The two lumps underneath the pink blanket are Phil and Jewel.  They’d arrived about 5am Saturday morning, after driving straight through for 15 hours.

First thing Phil does when he wakes up is cook.  He’s an excellent amateur chef and has a great nose for combining spices.  Next thing you know, his younger brother, Mark, is hamming it up for the camera and gave him a … well, I wasn’t sure what it was.  Didn’t look like a man-hug to me.  Must be an Army secret handshake or something.  :^D

We went to dinner that night at Jewel’s house.  Her mom, April, made a feast of ribs and chicken.  She’s a great cook and it was delicious.  Everyone from our side of the family was invited, and at one point there were 17 people crammed into April and Mike’s’ living room.  From the left are Ryan, Margo’s husband; Hilary, Jewel’s best friend, Jewel herself, and her daddy, Mike.

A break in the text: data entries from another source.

Lemma orbit_poly_coef_bounded : exists N : nat, forall n k, `|(B n)`_k| <= N%:Z.
Proof.
have [rs [uniq_rs size_rs roots_rs]] := irreducible_int_poly_roots R p_monic p_irr.
apply: int_polys_coef_bounded uniq_rs _ _ => [n | z].
  by rewrite size_rs size_orbit_poly.
rewrite -roots_rs => p_z; have [->|z_neq_beta] := eqVneq z beta%:C.
  by exists `|Qbeta|; apply: orbit_poly_bounded_at_beta.
apply: orbit_poly_bounded_at_conjugate => //.
by have := conj_small p_z z_neq_beta; rewrite normcC -[1]/(1%:C) ltcR.
Qed.

End DigitOrbit.

Lemma iter_collision_eventually_periodic (T : Type) (f : T -> T) (g : T -> int) x i j :
  (i < j)%N -> iter i f x = iter j f x -> eventually_periodic (fun n => g (iter n f x)).
Proof.
move=> ltij eq_ij; exists i, (j - i)%N; split; first by rewrite subn_gt0.
move=> n le_in; congr g.
have -> : (n + (j - i) = (n - i) + j)%N by lia.
by rewrite iterD -eq_ij -iterD subnK.
Qed.

Local Close Scope complex_scope.

Theorem mainTheorem7 (R : realType) (beta l : R) :
  pisot beta -> -1 < l -> l <= 0 ->
  forall x : R, l <= x -> x < l + 1 -> in_Qbeta beta x ->
  eventually_periodic (negdigit beta l x).
Proof.
move=> [beta_gt1 [p [p_monic [p_irr [p_beta conj_small]]]]] l_gtN1 l_le0 x x_ge x_lt.
move=> /in_Qbeta_int_polys[P [Q [Q_neq0 PQ_x]]].
have x_range : l <= x < l + 1 by rewrite x_ge x_lt.
have [N coef_bound] := orbit_poly_coef_bounded beta_gt1 l_gtN1 l_le0 x_range p_monic
  p_beta PQ_x p_irr conj_small.
have [i [j [ltij eq_orbit]]] :=
  bounded_int_polys_repeat (fun n => size_orbit_poly p P Q _ n p_monic) coef_bound.
apply: (iter_collision_eventually_periodic (fun y => Num.floor (- beta * y - l)) ltij).
apply: (mulIf Q_neq0).
by rewrite -!(horner_orbit_poly_beta l p_monic p_beta PQ_x) eq_orbit.
Qed.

  Our oldest son, Steve and his wife, Heather, had just driven home that day from Toronto, Canada.  Coincidentally another 15 hour drive.  They were exhausted but wanted to see Phil and Jewel.  From the left are John,  Steve’s best friend; Phil; and Phi’s best friend, Josiah.  (By the way, John… love the “Professional Russian” t-shirt.  I want one.)

About 9pm we all went over to Jillian’s to play games.  April and Mike played pool with Allen and I, while the kids all hung out in the arcade.  We had such a good time!  We don’t get to do many things with Jewel’s folks, even though we get along quite well, so this was a treat.  And talking to Phil, he and Jewel had a blast in the arcade, and won so many tickets that they were able to get her the zebra striped electric guitar.  Wow, what a night!

Phil and Jewel left early this morning to have breakfast at Margo and Ryan’s before driving back to Georgia.  We really enjoyed their surprise visit and are looking forward to seeing them again over the holidays.